Task to carry out: In the records below, begin at the line that has "(triple started 1 p)." and stop after the line that has "negb (triple1 (stop_state"; quote those lines verbatim and nothing more.

[Stored items]

Lemma interval_bet_test c d :
  C <= flip_prob flip c -> C <= flip_prob flip d ->
  test_supermartingale (fun _ => c) (fun _ => d) interval_bet.
Proof.
  intros Hc Hd. destruct bet_pair_constants as [He HC].
  apply (test_supermartingale_of_factors _ _ _
           (fun s x => if D (enc_sit s) then bet_factor flip e C x else 1));
    [apply bet_nil|exact interval_bet_snoc| |].
  - intros s x. destruct (D _); [apply Rlt_le, bet_factor_pos|lra].
  - intros s. destruct (D _); apply upper_exp_le; try lra; apply interval_bet_le0; lra.
Qed.

Lemma forecast_bet_test phi :
  forecasting_system phi phi ->
  (forall s, D (enc_sit s) = true -> flip_prob flip (phi s) <= C - e) ->
  test_supermartingale phi phi forecast_bet.
Proof.
  intros Hfs HDphi. destruct bet_pair_constants as [He HC].
  apply (test_supermartingale_of_factors _ _ _
           (fun s x => if D (enc_sit s) then boost e / bet_factor flip e C x else 1));
    [apply bet_nil|exact forecast_bet_snoc| |].
  - intros s x. destruct (D _); [|lra].
    apply Rlt_le, Rdiv_lt_0_compat; [unfold boost; nra|apply bet_factor_pos].
  - intros s. rewrite upper_exp_point. destruct (D (enc_sit s)) eqn:HDs; [|lra].
    apply forecast_bet_le0; [lra|lra|]. split; [|exact (HDphi s HDs)].
    destruct (Hfs s). unfold flip_prob. destruct flip; lra.
Qed.

Lemma bet_pair_snoc s x :
  interval_bet (s ++ [x]) * forecast_bet (s ++ [x]) =
  interval_bet s * forecast_bet s * (if D (enc_sit s) then 1 + e * e / 8 else 1).
Proof.
  rewrite interval_bet_snoc, forecast_bet_snoc. destruct (D _); [|ring].
  pose proof (bet_factor_pos x) as Hpos.
  unfold boost. field. split; [apply not_0_INR; lia|lra].
Qed.

Lemma bet_pair_lsc : rec1 (fun p => Nat.b2n (D p)) ->
  lower_semicomputable interval_bet /\ lower_semicomputable forecast_bet.
Proof.
  intros HD. pose proof bet_num_pos. pose proof bet_den_pos.
  split; apply bet_lsc; auto; apply Nat.mul_pos_pos; auto; lia.
Qed.

End Bet_pair.

(* The product of the two capitals grows by the factor [boost e] whenever [D] holds. *)
Lemma frequent_deviation_contradiction phi w (D : nat -> bool) (flip : bool) E Pc Q c d :
  forecasting_system phi phi -> rec1 (fun p => Nat.b2n (D p)) ->
  (8 <= E)%nat -> (0 < Q)%nat -> (Pc <= Q)%nat -> (4 * Q < Pc * E)%nat ->
  (forall s, D (enc_sit s) = true -> flip_prob flip (phi s) <= INR Pc / INR Q - / INR E) ->
  (forall N, exists n, (N <= n)%nat /\ D (enc_sit (prefix w n)) = true) ->
  INR Pc / INR Q <= flip_prob flip c -> INR Pc / INR Q <= flip_prob flip d ->
  ML_random phi phi w -> ML_random_I c d w -> False.
Proof.
  intros Hfs HD HE HQ HPQ H4 HDphi Hfreq Hc Hd Hphi Hcd.
  destruct (bet_pair_constants E Pc Q HE HQ HPQ H4) as [He _].
  destruct (bet_pair_lsc D flip E Pc Q HE HQ HPQ H4 HD) as [HlscI HlscF].
  apply (not_random_of_product (fun _ => c) (fun _ => d) phi phi
           (interval_bet D flip E Pc Q) (forecast_bet D flip E Pc Q) (fun s => D (enc_sit s))
           w (/ INR E * / INR E / 8)); auto.
  - nra.
  - now apply interval_bet_test.
  - now apply forecast_bet_test.
  - intros s x. now apply bet_pair_snoc.
Qed.

Lemma exists_inv_nat_lt eps : 0 < eps -> exists E : nat, (8 <= E)%nat /\ / INR E < eps.
Proof.
  intros Heps. destruct (INR_archimed eps 1 Heps) as [K HK].
  exists (Nat.max 8 K). split; [lia|].
  assert (HKE : INR K <= INR (Nat.max 8 K)) by (apply le_INR; lia).
  assert (H8 : 8 <= INR (Nat.max 8 K))
    by (replace 8 with (INR 8) by (simpl; lra); apply le_INR; lia).
  apply (Rmult_lt_reg_r (INR (Nat.max 8 K))); [lra|]. rewrite Rinv_l by lra. nra.
Qed.

Lemma frequent_deviation_not_random phi w (flip : bool) c d theta delta :
  forecasting_system phi phi -> computable phi -> ML_random phi phi w ->
  0 <= c -> c <= d -> d <= 1 -> ML_random_I c d w -> 0 < delta ->
  theta <= flip_prob flip c -> theta <= flip_prob flip d ->
  (forall N, exists n, (N <= n)%nat /\ flip_prob flip (phi (prefix w n)) < theta - delta) ->
  False.
Proof.
  intros Hfs Hc Hphi Hc0 Hcd Hd1 Hcd_random Hdelta Htc Htd Hfreq.
  assert (Hflip01 : forall p, 0 <= p <= 1 -> 0 <= flip_prob flip p <= 1)
    by (intros p Hp; unfold flip_prob; destruct flip; lra).
  assert (Htheta : delta < theta).
  { destruct (Hfreq 0%nat) as [n [_ Hn]]. destruct (Hfs (prefix w n)) as [H0 [_ H1]].
    pose proof (Hflip01 _ (conj H0 H1)). lra. }
  (* With [theta - delta / 2 < C < theta] and [e < delta / 8], forecasts below
     [theta - delta < C - 2 e] are detected, and detected ones are below [C - e]. *)
  destruct (exists_ratio_between (theta - delta / 2) theta ltac:(lra) ltac:(lra))
    as [Pc [Q [HQ [HC1 HC2]]]].
  set (C := INR Pc / INR Q) in *.
  destruct (exists_inv_nat_lt (delta / 8) ltac:(lra)) as [E [HE He]].
  set (e := / INR E) in *.
  assert (He0 : 0 < e) by (apply Rinv_0_lt_compat, lt_0_INR; lia).
  assert (HQr := lt_0_INR _ HQ).
  assert (HPQ : (Pc <= Q)%nat).
  { apply INR_le. pose proof (Hflip01 c ltac:(lra)).
    apply (Rmult_le_reg_r (/ INR Q)); [now apply Rinv_0_lt_compat|].
    rewrite Rinv_r by lra. unfold C, Rdiv in *. lra. }
  assert (H4 : (4 * Q < Pc * E)%nat).
  { assert (H4e : 4 * e < C) by lra.
    apply INR_lt. rewrite !mult_INR. replace (INR 4) with 4 by (simpl; lra).
    apply (Rdiv_lt_cross 4 (INR E) (INR Pc) (INR Q)); [apply lt_0_INR; lia|lra|].
    exact H4e. }
  destruct (computable_decider phi flip (C - 3 * e / 2) (e / 2) Hc ltac:(lra))
    as [D [HD [HD1 HD2]]].
  apply (frequent_deviation_contradiction phi w D flip E Pc Q c d); auto; fold C e.
  - intros s Hs. specialize (HD1 s Hs). lra.
  - intros N. destruct (Hfreq N) as [n [Hn Hlt]]. exists n. split; [exact Hn|].
    apply HD2. lra.
  - lra.
  - lra.
Qed.

(** * Eventually confined forecasts *)

Section Stopping.
Variable keep : nat -> bool.
Variable start : nat.

(* The state [triple b f p] reached after [s] records whether a proper prefix of [s] has
   code [start] ([b]), whether the process is frozen ([f]) and the code [p] of the
   situation at which it was frozen: the first one from [start] on failing [keep]. *)
Definition stop_update (u p b : nat) : nat :=
  let started := ifz (triple1 u) (Nat.b2n (p =? start)) 1 in
  ifz (started * ifz (triple2 u) (1 - Nat.b2n (keep p)) 0)
      (triple started (triple2 u) (triple3 u))
      (triple started 1 p).

Definition stop_state (s : list bool) : nat := sit_fold stop_update [] s (triple 0 0 0).

Definition started (s : list bool) : bool :=
  negb (triple1 (stop_state s) =? 0) || (enc_sit s =? start).

Definition frozen (s : list bool) : bool := negb (triple2 (stop_state s) =? 0).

Response box:
      (triple started 1 p).

Definition stop_state (s : list bool) : nat := sit_fold stop_update [] s (triple 0 0 0).

Definition started (s : list bool) : bool :=
  negb (triple1 (stop_state s) =? 0) || (enc_sit s =? start).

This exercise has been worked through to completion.